お犬様とその僕たち

 このところ雨続きで3日も走っていない。日中を家で過ごす間、ルーシーの目がうつろになってきたような気がする。今日は幸いにも晴れた。夕方だけでも走らせようと、いつもの公園に行ったところ、芝生の広場には砂が盛られていた上に、その砂が雨水をたっぷりと含んで、足を踏み入れるたびにジュクジュクした感触が伝わる。うーん、イヤな予感。
 そんな状態でも、他のワンちゃんや飼い主さんも集まっていた。やはり皆さん、自分のワンちゃんが可哀想になって連れてこられたのだろう。

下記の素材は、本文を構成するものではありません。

Definition sum_Ioc (a b : Z) (f : Z -> R) : R :=
  fold_right Rplus 0
    (map (fun i : nat => f (a + 1 + Z.of_nat i)%Z) (seq 0 (Z.to_nat (b - a)))).

Definition summand (d : Z) (x : R) (k : Z) : R :=
  let q := IZR (floorZ (x / IZR k)) in
  IZR d ^ 2 * q + 2 * IZR d * x / q - x ^ 2 * F (x / IZR k).

(* With K0 = (d + sqrt (d^2 + 4 d x)) / 2 one has K0 (K0 - d) = d x, so for k in the
   window (K0 - d, K0] the quotient x / k lies in [u - 1, u), where u = K0 / d solves
   u (u - 1) = x / d = s^2; hence q = [x / k] is within 2 of s.  Telescoping
   1/(3 n^3) and 1/(3 n^3) - 1/n^5 gives F (x / k) = 1/(3 q^3) + O(q^-5), and with
   x = d s^2 each summand is (8/3) d^2 s + d^2 (q - s)^3 (3 q + s) / (3 q^3)
   + O(d^2 s^4 / q^5) = (8/3) d^2 s + O(d^2 / s).  The d summands add up to
   (8/3) d^3 s = (8/3) d^2 sqrt (d x) with error O(d^3 / s) = O(d^(7/2) x^(-1/2)). *)

From Stdlib Require Import Reals Lra Lia ZArith List.
From Coquelicot Require Import Coquelicot.
Open Scope R_scope.

Definition tail_from (N : nat) (a : nat -> R) (m : nat) : R :=
  if (N <=? m)%nat then a m else 0.

Lemma sum_n_tail_telescoping (g : nat -> R) (N n : nat) :
  sum_n (tail_from N (fun m => g m - g (S m))) n = g (Nat.min N (S n)) - g (S n).
Proof.
  unfold tail_from; induction n as [|n IH].
  - rewrite sum_O. destruct (Nat.leb_spec N 0).
    + rewrite Nat.min_l by lia. f_equal; f_equal; lia.
    + rewrite Nat.min_r by lia. lra.
  - rewrite sum_Sn, IH. unfold plus; simpl.
    destruct (Nat.leb_spec N (S n)).
    + rewrite !Nat.min_l by lia. ring.
    + rewrite !Nat.min_r by lia. ring.
Qed.
Lemma represents_sherm env M (v : nat -> zpol) : hermitian M ->
  (forall k, (k < 27)%N -> zeval env (v k) = nth 0 (herm_coords M) k) ->
  represents env M (sherm v).
Proof.
move=> hM hv i j; have [_ _ _ morphC] := zoct_eval_morph env.
have diag k : M k k = (((reO (M k k), 0), (0, 0)), ((0, 0), (0, 0))).
  exact: conjO_self_real (esym (hM k k)).
have lower k l n : M k l = zoct_eval env (zoct_of v n) ->
    M l k = zoct_eval env (op_conj zoct_ops (zoct_of v n)).
  by move=> E; rewrite hM E morphC.
have zeval0 : zeval env zpol0 = 0 by exact: zeval_eq0.
have e01 : M o0 o1 = zoct_eval env (zoct_of v 3) by apply: oct_ext; rewrite /= hv.
have e02 : M o0 o2 = zoct_eval env (zoct_of v 11) by apply: oct_ext; rewrite /= hv.
have e12 : M o1 o2 = zoct_eval env (zoct_of v 19) by apply: oct_ext; rewrite /= hv.
case: (ord3P i) => ->; case: (ord3P j) => ->; rewrite /sentry /= //;
  try by [apply: lower | rewrite diag; apply: oct_ext; rewrite /= ?zeval0 ?hv].
Qed.

Lemma represents_sherm_at (pre post : seq R) M : hermitian M ->
  represents (pre ++ herm_coords M ++ post) (oscale 1 M) (sherm (fun k => zvar (size pre + k))).
Proof.
rewrite oscale1 => hM; apply: represents_sherm => // k k27.
have size27 : size (herm_coords M) = 27 by [].
by rewrite zeval_var nth_cat ltnNge leq_addr addKn nth_cat size27 k27.
Qed.

Lemma otr_represents env r M SA :
  represents env (oscale r M) SA -> r * otr M = zeval env (strace SA).
Proof.
have [hD _ _ _] := zeval_morph env.
by move=> hM; rewrite -otrZ /otr /strace !hD !big_ord_recl big_ord0 addr0 !hM.
Qed.
End HermitianCoordinates.

Definition cube_defect T (add : T -> T -> T) (opp : T -> T) (j2 : T -> T -> T) (a x : T) : T :=
  let a2 := j2 a a in let ax := j2 a x in
  let t := j2 a (j2 a ax) in let u := j2 a2 ax in
  add (add (j2 (j2 a a2) x) (add t t)) (opp (add u (add u u))).

Lemma sherm_cube_defect_is0 :
  smx_is0 (cube_defect sadd sopp sjordan2 (sherm zvar) (sherm (fun k => zvar (27 + k)))).
Proof. by vm_compute. Qed.

Definition trace_assoc_defect (a b c : smx) : zpol :=
  op_add zpol_ops (strace (sjordan2 (sjordan2 a b) c))
    (op_opp zpol_ops (strace (sjordan2 a (sjordan2 b c)))).

Lemma sherm_trace_assoc_defect_is0 :
  Ring_polynom.Peq Z.eqb (trace_assoc_defect (sherm zvar) (sherm (fun k => zvar (27 + k)))
                            (sherm (fun k => zvar (54 + k)))) zpol0.
Proof. by vm_compute. Qed.

Section JordanIdentities.
Variable R : realType.
Implicit Types (a b c x : omat R).

Lemma jordan_cube_identity a x : hermitian a -> hermitian x ->
  oscale 2 (jordan a (jordan a (jordan a x))) + jordan (jordan a (jordan a a)) x =
  oscale 3 (jordan (jordan a a) (jordan a x)).
Proof.
move=> ha hx.
have ra := represents_sherm_at [::] (herm_coords x ++ [::]) ha.
have rx := represents_sherm_at (herm_coords a) [::] hx.
have ra2 := represents_jordan ra ra; have rax := represents_jordan ra rx.
have rL := represents_jordan (represents_jordan ra ra2) rx.
have rT := represents_jordan ra (represents_jordan ra rax).
have rU := represents_jordan ra2 rax.
have := represents_eq0 (represents_add (represents_add rL (represents_add rT rT))
  (represents_opp (represents_add rU (represents_add rU rU)))) sherm_cube_defect_is0.
(* Jordan products are only matched syntactically here (by unification against [combine]):
   comparing two different ones up to conversion is prohibitively slow. *)
have combine (c1 c2 c3 : R) T L U : c1 = 8 -> c2 = 8 -> c3 = 8 ->
    oscale c1 L + (oscale c2 T + oscale c2 T) - (oscale c3 U + (oscale c3 U + oscale c3 U)) = 0 ->
    oscale 2 T + L = oscale 3 U.
  by move=> -> -> -> E; apply/eqP; rewrite -subr_eq0 -(oscaler0 8^-1) -{}E; apply/eqP; omat_lin.
by apply: combine; lra.
Qed.

Lemma otr_jordanA a b c : hermitian a -> hermitian b -> hermitian c ->
  otr (jordan (jordan a b) c) = otr (jordan a (jordan b c)).
Proof.
move=> ha hb hc; pose env := herm_coords a ++ herm_coords b ++ herm_coords c ++ [::].
have ra : represents env (oscale 1 a) (sherm zvar) := represents_sherm_at [::] _ ha.
have rb : represents env (oscale 1 b) (sherm (fun k => zvar (27 + k))) :=
  represents_sherm_at (herm_coords a) _ hb.
have rc : represents env (oscale 1 c) (sherm (fun k => zvar (54 + k))) :=
  represents_sherm_at (herm_coords a ++ herm_coords b) [::] hc.
have [hD hN _ _] := zeval_morph env.
have := zeval_eq0 env sherm_trace_assoc_defect_is0.
rewrite /trace_assoc_defect hD hN.
have := otr_represents (represents_jordan (represents_jordan ra rb) rc).
have := otr_represents (represents_jordan ra (represents_jordan rb rc)).
have combination (c1 c2 t1 t2 z1 z2 : R) : c1 = 4 -> c2 = 4 ->
    c2 * t2 = z2 -> c1 * t1 = z1 -> z1 - z2 = 0 -> t1 = t2.
  by move=> -> -> <- <-; lra.
by apply: combination; lra.
Qed.
End JordanIdentities.

(** * The orthogonal projection onto V_P *)

Section JordanProjection.
(* Jordan product, scaling and coordinates are variables, so that rewriting and lra never
   compare two concrete Jordan products up to conversion. *)
Variables (R : realType) (I : Type) (jo : omat R -> omat R -> omat R)
  (sc : R -> omat R -> omat R) (coord : omat R -> I -> R).
Implicit Types (e A B W X Y : omat R) (l r : R).

Hypothesis coord_ext : forall A B, (forall c, coord A c = coord B c) -> A = B.
Hypothesis coordD : forall A B c, coord (A + B) c = coord A c + coord B c.
Hypothesis coordZ : forall r A c, coord (sc r A) c = r * coord A c.
Hypothesis joC : forall A B, jo A B = jo B A.
Hypothesis joDr : forall A B C, jo A (B + C) = jo A B + jo A C.
Hypothesis joZr : forall r A B, jo A (sc r B) = sc r (jo A B).
Hypothesis jo_Id3 : forall A, jo A (Id3 R) = A.
Hypothesis otr_sc : forall r A, otr (sc r A) = r * otr A.
Hypothesis hermitian_sc : forall r A, hermitian A -> hermitian (sc r A).
Hypothesis hermitian_jo : forall A B, hermitian A -> hermitian B -> hermitian (jo A B).
Hypothesis otr_joA : forall A B C, hermitian A -> hermitian B -> hermitian C ->
  otr (jo (jo A B) C) = otr (jo A (jo B C)).
Hypothesis hermitian_otr_sqr_eq0 : forall A, hermitian A -> otr (jo A A) = 0 -> A = 0.
Hypothesis jo_cube : forall A X, hermitian A -> hermitian X ->
  sc 2 (jo A (jo A (jo A X))) + jo (jo A (jo A A)) X = sc 3 (jo (jo A A) (jo A X)).

Definition jinner A B := 2^-1 * otr (jo A B).
Definition jeigsp e l A := hermitian A /\ jo e A = sc l A.
Definition jVP e A :=
  (exists A0 A1, jeigsp e 0 A0 /\ jeigsp e 1 A1 /\ A = A0 + A1) /\ jinner A (Id3 R) = 0.
Definition jproj (V : omat R -> Prop) X : omat R :=
  epsilon (inhabits 0) (fun Y => V Y /\ forall W, V W -> jinner (X - Y) W = 0).
Theorem lemma3p1 (bc : BC) (mu1 mu2 alpha : R) (rho : nat -> R) :
  0 < mu1 -> 0 < mu2 -> 0 < alpha ->
  laplace_spectrum bc rho ->
  (forall k0 : nat, (1 <= k0)%nat -> 0 < rho k0 ->
     (forall k, (1 <= k)%nat -> 0 < rho k ->
        lam0_fun mu1 mu2 alpha (rho k0) <= lam0_fun mu1 mu2 alpha (rho k)) ->
     (forall k, (1 <= k)%nat -> 0 < rho k ->
        lam0_fun mu1 mu2 alpha (rho k) = lam0_fun mu1 mu2 alpha (rho k0) ->
        rho k = rho k0) ->
     lam0_fun mu1 mu2 alpha (rho k0) < lam1 mu1 mu2 alpha (rho 1%nat) ->
     let lam0 := lam0_fun mu1 mu2 alpha (rho k0) in
     (exists delta, 0 < delta /\
        forall lam, 0 < lam -> Rabs (lam - lam0) < delta ->
        forall k, (1 <= k)%nat -> rho k = rho k0 ->
          Im (beta_plus mu1 mu2 alpha (rho k) lam) = 0 /\
          (lam < lam0 -> Re (beta_plus mu1 mu2 alpha (rho k) lam) < 0) /\
          (lam = lam0 -> Re (beta_plus mu1 mu2 alpha (rho k) lam) = 0) /\
          (lam0 < lam -> 0 < Re (beta_plus mu1 mu2 alpha (rho k) lam))) /\
     (forall j, (1 <= j)%nat -> rho j <> rho k0 ->
        Re (beta_plus mu1 mu2 alpha (rho j) lam0) < 0 /\
        Re (beta_minus mu1 mu2 alpha (rho j) lam0) < 0) /\
     (forall k, (1 <= k)%nat -> rho k = rho k0 ->
        Re (beta_minus mu1 mu2 alpha (rho k) lam0) < 0))
  /\
  ((forall k, (1 <= k)%nat -> 0 < rho k ->
      lam1 mu1 mu2 alpha (rho 1%nat) < lam0_fun mu1 mu2 alpha (rho k)) ->
     let l1 := lam1 mu1 mu2 alpha (rho 1%nat) in
     (exists delta, 0 < delta /\
        forall lam, 0 < lam -> Rabs (lam - l1) < delta ->
          beta_plus mu1 mu2 alpha (rho 1%nat) lam
            = Cconj (beta_minus mu1 mu2 alpha (rho 1%nat) lam) /\
          Im (beta_plus mu1 mu2 alpha (rho 1%nat) lam) <> 0 /\
          Re (beta_plus mu1 mu2 alpha (rho 1%nat) lam)
            = Re (beta_minus mu1 mu2 alpha (rho 1%nat) lam) /\
          (lam < l1 -> Re (beta_plus mu1 mu2 alpha (rho 1%nat) lam) < 0) /\
          (lam = l1 -> Re (beta_plus mu1 mu2 alpha (rho 1%nat) lam) = 0) /\
          (l1 < lam -> 0 < Re (beta_plus mu1 mu2 alpha (rho 1%nat) lam))) /\
     (forall k, (1 < k)%nat ->
        Re (beta_plus mu1 mu2 alpha (rho k) l1) < 0 /\
        Re (beta_minus mu1 mu2 alpha (rho k) l1) < 0)).
Proof.
  intros Hmu1 Hmu2 Ha [Hnonneg [Hgrow [H12 _]]].
  pose proof (growing_from_1_le rho Hgrow) as Hle.
  split.
  - intros k0 Hk0 Hr0 Hmin Huniq Hlt lam0. fold lam0 in Hmin, Huniq, Hlt.
    assert (Hlam1 : lam0 < lam1 mu1 mu2 alpha (rho k0)).
    { pose proof (lam1_le mu1 mu2 alpha _ _ Hmu1 Hmu2 (Hle 1%nat k0 (le_n _) Hk0)). lra. }
    split; [|split].
    + destruct (real_eigenvalue_crossing mu1 mu2 alpha (rho k0) Hmu2 Hr0 Hlam1)
        as [delta [Hdelta Hcross]].
      exists delta; split; [exact Hdelta|].
      intros lam _ Hlam k _ ->. exact (Hcross lam Hlam).
    + intros j Hj Hne. apply Re_beta_lt0.
      * pose proof (lam1_le mu1 mu2 alpha _ _ Hmu1 Hmu2 (Hle 1%nat j (le_n _) Hj)).
        rewrite trM_lam1. lra.
      * apply detM_gt0; [exact Hmu2 | exact Ha | now apply Hnonneg |].
        intros Hpos. destruct (Rle_lt_or_eq_dec _ _ (Hmin j Hj Hpos)) as [Hlt' | Heq];
          [exact Hlt' | contradict Hne; apply Huniq; auto].
    + intros k _ ->. apply Re_beta_minus_lt0. rewrite trM_lam1. lra.
  - intros Hl1 l1. split.
    + destruct (complex_eigenvalue_crossing mu1 mu2 alpha (rho 1%nat)) as [delta [Hdelta Hcross]].
      { apply detM_gt0; [exact Hmu2 | exact Ha | now apply Hnonneg |].
        now apply Hl1. }
      exists delta; split; [exact Hdelta|].
      intros lam _ Hlam. exact (Hcross lam Hlam).
    + intros k Hk.
      assert (H1k : rho 1%nat < rho k) by (pose proof (Hle 2%nat k ltac:(lia) Hk); lra).
      assert (Hpos : 0 < rho k) by (pose proof (Hnonneg 1%nat (le_n _)); lra).
      apply Re_beta_lt0.
      * pose proof (lam1_lt mu1 mu2 alpha _ _ Hmu1 Hmu2 H1k). rewrite trM_lam1. unfold l1. lra.
      * apply detM_gt0; [exact Hmu2 | exact Ha | lra |]. intros _. apply Hl1; [lia | exact Hpos].
Qed.
(* Let $\vec I^{\mathcal M}$ be the multipointed $d$-space with underlying space $[0,1]$, set of states $\{0,1\}$, execution paths from $0$ to $1$ exactly the nondecreasing surjective continuous maps $[0,1]\to[0,1]$ (the set $\mathcal M(1,1)$), and no other execution paths. Then the space \[ \mathbb P_{0,1}\vec I^{\mathcal M}=\mathrm{coeq}\big(\mathbb P^{top}_{0,1}\vec I^{\mathcal M}\times\mathcal G(1,1)\rightrightarrows\mathbb P^{top}_{0,1}\vec I^{\mathcal M}\big), \] where the two maps are $(c,\phi)\mapsto c$ and $(c,\phi)\mapsto c\circ\phi$, is not a singleton.
   Context: $\mathbf{Top}$: $\Delta$-generated spaces; $\mathbb P^{top}_{0,1}\vec I^{\mathcal M}\subset\mathbf{TOP}([0,1],[0,1])$ carries the $\Delta$-kelleyfication of the relative compact-open topology, and the coequalizer is taken in $\mathbf{Top}$. $\mathcal G(1,1)$ is the space of nondecreasing homeomorphisms of $[0,1]$. A multipointed $d$-space is a triple $(|X|,X^0,\mathbb P^{top}X)$ of a space, a set of states, and a set of continuous paths $[0,1]\to|X|$ between states, closed under precomposition with elements of $\mathcal G(1,1)$ and under normalized composition. *)

From HB Require Import structures.
From mathcomp Require Import all_boot all_order all_algebra.
From mathcomp Require Import all_classical all_reals all_analysis.
From Stdlib Require Import Relations.
Set Implicit Arguments. Unset Strict Implicit. Unset Printing Implicit Defensive.
Import Order.TTheory GRing.Theory Num.Theory.
Import numFieldNormedType.Exports.
Local Open Scope classical_set_scope.
Local Open Scope ring_scope.

(* The unit interval [0,1] as a subset of R. Paths [0,1] -> [0,1] are
   represented by functions R -> R; only their values on [0,1] matter. *)
Definition unitI (K : realType) : set K := `[0, 1]%classic.
Arguments unitI K : clear implicits.

(* M(1,1): nondecreasing surjective continuous maps [0,1] -> [0,1]
   (= the execution paths of I^M from 0 to 1). *)
Definition inM (K : realType) (f : K -> K) : Prop :=
  {within unitI K, continuous f} /\
  (forall x y, unitI K x -> unitI K y -> x <= y -> f x <= f y) /\
  f @` unitI K = unitI K.
Arguments inM : clear implicits.

Definition inG (K : realType) (phi : K -> K) : Prop :=
  inM K phi /\
  exists psi : K -> K,
    {within unitI K, continuous psi} /\
    (forall t, unitI K t -> unitI K (psi t)) /\
    (forall t, unitI K t -> psi (phi t) = t) /\
    (forall t, unitI K t -> phi (psi t) = t).
Arguments inG : clear implicits.

Definition reparam_step (K : realType) (c d : K -> K) : Prop :=
  inM K c /\ inM K d /\
  exists phi, inG K phi /\ (forall t, unitI K t -> d t = c (phi t)).

(* Underlying set of the coequalizer: P^top_{0,1} I^M modulo the equivalence
   relation generated by c ~ c o phi. *)
Definition coeq_rel (K : realType) : relation (K -> K) :=
  clos_refl_sym_trans (K -> K) (@reparam_step K).
Arguments coeq_rel : clear implicits.

(* Injectivity on [0,1] is invariant under reparametrization by elements of
   G(1,1), hence constant on equivalence classes of the coequalizer. The
   identity is injective, while the execution path t |-> max(0, 2t - 1)
   collapses [0, 1/2] to the point 0, so the two lie in different classes. *)
From HB Require Import structures.
From mathcomp Require Import all_boot all_order all_algebra.
From mathcomp Require Import all_classical all_reals all_analysis.
From Stdlib Require Import Relations.
From mathcomp Require Import lra.
Import Order.TTheory GRing.Theory Num.Theory.
Import numFieldNormedType.Exports.
Local Open Scope classical_set_scope.
Local Open Scope ring_scope.

Section Reparametrization.
Variable R : realType.

Lemma inM_unitI (f : R -> R) t : inM R f -> unitI R t -> unitI R (f t).
Proof. by move=> [_ [_ im]] It; rewrite -im; exists t. Qed.

Lemma inG_inj_comp (c phi : R -> R) :
  inG R phi -> {in unitI R &, injective c} <-> {in unitI R &, injective (c \o phi)}.
Proof.
move=> [phiM [psi [_ [psiI [psiK phiK]]]]].
have phiI t : unitI R t -> unitI R (phi t) by exact: inM_unitI.
split=> cinj x y; rewrite !in_setE => Ix Iy.
- by move=> /cinj e; rewrite -(psiK x Ix) -(psiK y Iy) e // in_setE; exact: phiI.
- move=> e; rewrite -(phiK x Ix) -(phiK y Iy); congr phi.
  by apply: cinj; rewrite ?in_setE /= ?phiK //; exact: psiI.
Qed.

Lemma reparam_step_inj (c d : R -> R) : reparam_step c d ->
  {in unitI R &, injective c} <-> {in unitI R &, injective d}.
Proof.
move=> [_ [_ [phi [phiG dE]]]].
rewrite (inG_inj_comp c phi phiG); split=> inj x y Ix Iy; move: (Ix) (Iy).
- by rewrite !in_setE => /dE -> /dE ->; exact: inj.
- by rewrite !in_setE /= => /dE <- /dE <-; exact: inj.
Qed.

Lemma coeq_rel_inj (c d : R -> R) : coeq_rel R c d ->
  {in unitI R &, injective c} <-> {in unitI R &, injective d}.
Proof. by elim=> [x y /reparam_step_inj|x|x y _|x y z _ + _]; tauto. Qed.

End Reparametrization.

Lemma inM_id (R : realType) : inM R id.
Proof.
split; first by apply: continuous_subspaceT => x.
by split=> //; rewrite image_id.
Qed.

Definition collapse_half (R : realType) : R -> R := (fun=> 0) \max (fun t => 2 * t - 1).

Lemma inM_collapse_half (R : realType) : inM R (@collapse_half R).
Proof.
split; [|split].
- apply: continuous_subspaceT => x; apply: continuous_max; first exact: cst_continuous.
  by apply: cvgB; [apply: cvgM; [exact: cvg_cst|exact: cvg_id]|exact: cvg_cst].
- by move=> x y _ _ xy; apply: le_max2 => //; lra.
- apply/seteqP; split=> y.
    move=> [x]; rewrite /unitI /= !in_itv /= => /andP[x0 x1] <-.
    rewrite /collapse_half /= le_max lexx /= ge_max ler01 /=; lra.
  rewrite /unitI /= !in_itv /= => /andP[y0 y1].
  exists ((y + 1) / 2); first by rewrite /unitI /= in_itv /=; apply/andP; split; lra.
  by rewrite /collapse_half /= (_ : 2 * ((y + 1) / 2) - 1 = y); [apply/max_idPr|lra].
Qed.

Lemma collapse_half_not_inj (R : realType) :
  ~ {in unitI R &, injective (@collapse_half R)}.
Proof.
have I t : 0 <= t <= 1 -> t \in unitI R by rewrite in_setE /unitI /= in_itv.
have I0 : (0 : R) \in unitI R by apply: I; lra.
have Ihalf : (1 / 2 : R) \in unitI R by apply: I; lra.
move=> /(_ 0 (1 / 2) I0 Ihalf) collapse_inj.
have : (0 : R) = 1 / 2.
  apply: collapse_inj; rewrite /collapse_half /=.
  by rewrite (max_idPl (_ : 2 * 0 - 1 <= 0)) ?(max_idPl (_ : 2 * (1 / 2) - 1 <= 0)) //; lra.
lra.
Qed.

Theorem proposition3p7 (R : realType) :
  exists c d : R -> R, inM R c /\ inM R d /\ ~ coeq_rel R c d.
Proof.
exists id, (@collapse_half R); split; [exact: inM_id|split; first exact: inM_collapse_half].
move=> /coeq_rel_inj [id_inj_collapse _].
by apply: (@collapse_half_not_inj R); apply: id_inj_collapse => x y.
Qed.
(* Let $m,g>0$, $k\in\mathbb{N}$, $\gamma\in\mathbb{R}$, and let $(\psi_1,\psi_2)$ be a sufficiently smooth solution, decaying with its derivatives as $|x|\to\infty$, of $$i\partial_t\psi_1=\partial_x\psi_2-g(|\psi_1|^2-|\psi_2|^2)^k\psi_1+m\psi_1+i\gamma\psi_2,\qquad i\partial_t\psi_2=-\partial_x\psi_1+g(|\psi_1|^2-|\psi_2|^2)^k\psi_2-m\psi_2+i\gamma\psi_1.$$ Then the ($\gamma$-independent) energy $$E(t)=\frac12\int_{\mathbb{R}}\Big[\overline{\psi_1}\,\partial_x\psi_2-\overline{\psi_2}\,\partial_x\psi_1+m(|\psi_1|^2-|\psi_2|^2)-\frac{g}{k+1}\big(|\psi_1|^2-|\psi_2|^2\big)^{k+1}\Big]dx$$ is real and conserved: $dE/dt=0$, for every value of $\gamma$.
   Context: This is the $\mathcal{P}\mathcal{T}$-symmetric 1D Soler model (gain–loss term $i\gamma\sigma_1\psi$ with $\sigma_1$ the first Pauli matrix). *)

From Stdlib Require Import Reals.
Open Scope R_scope.

Definition Cpx : Type := (R * R)%type.
Definition RtoC (r : R) : Cpx := (r, 0).
Definition Ci : Cpx := (0, 1).
Definition Cadd (z w : Cpx) : Cpx := (fst z + fst w, snd z + snd w).
Definition Copp (z : Cpx) : Cpx := (- fst z, - snd z).
Definition Csub (z w : Cpx) : Cpx := Cadd z (Copp w).
Definition Cmul (z w : Cpx) : Cpx :=
  (fst z * fst w - snd z * snd w, fst z * snd w + snd z * fst w).
Definition Cconj (z : Cpx) : Cpx := (fst z, - snd z).
Definition Cnorm2 (z : Cpx) : R := fst z ^ 2 + snd z ^ 2.

Definition C_deriv (f : R -> Cpx) (x : R) (l : Cpx) : Prop :=
  derivable_pt_lim (fun s => fst (f s)) x (fst l) /\
  derivable_pt_lim (fun s => snd (f s)) x (snd l).

Definition R_improper_integral (f : R -> R) (l : R) : Prop :=
  forall eps, 0 < eps -> exists M, 0 < M /\
    forall a b, a <= - M -> M <= b ->
      exists pr : Riemann_integrable f a b, Rabs (RiemannInt pr - l) < eps.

ルーシーのような乱暴者はいないけれど、それでも家に閉じこもっていたら、それなりにストレスがたまるようだ。
 ルーシーも、他のワンちゃんの姿を見て、ジタバタと足を動かして「走りたい」と訴える。しょうがないので、短時間だけでもとリードを離したところ、いつも以上に短い足を動かして走り回っていた。白かった足は砂で色が変わっている。Tシャツのお腹側はドロドロに汚れてしまった。顔にまで砂粒がついている。しかし、口が耳まで裂けるほど大笑いしていた。よほど嬉しかったのだろう。
 確実に体が汚れるのが分かっていながら、犬のストレス解消につきあうか?これを考えるとき、普通の飼い主さんの頭によぎるのは、シャンプーやドライヤーなどの帰宅後の作業だろう。しかしルーシーの場合は、それ以外にもある。
 ストレスを発散させなかった場合、どうも排泄がおかしくなる。特に冬は便秘気味になることが多い。もよおした素振りを見せて何度か構えてみるものの「やっぱ違うわ」と立ち上がってしまうのだ。この現象は、いつものコース以外を散歩させた場合にも起こるから、必ずしも運動量だけの問題ではなさそうだが、一回リズムが狂うと夜中にもよおしたりすることもある。そして通常のリズムに戻すのが、なかなか難しい。
 この公園に足を向けてしまったということは、その時点で、ある程度ルーシーの体が汚れる覚悟ができていたからかもしれない。来てしまった自分が悪いのだと、あきらめざるをえない。
 しかし飼い主さんの中には「今日の昼にお風呂に入れたばっかりなのに」と口では嘆きながら、自らボールを投げている方もおられた。みんな愛されているのねぇー。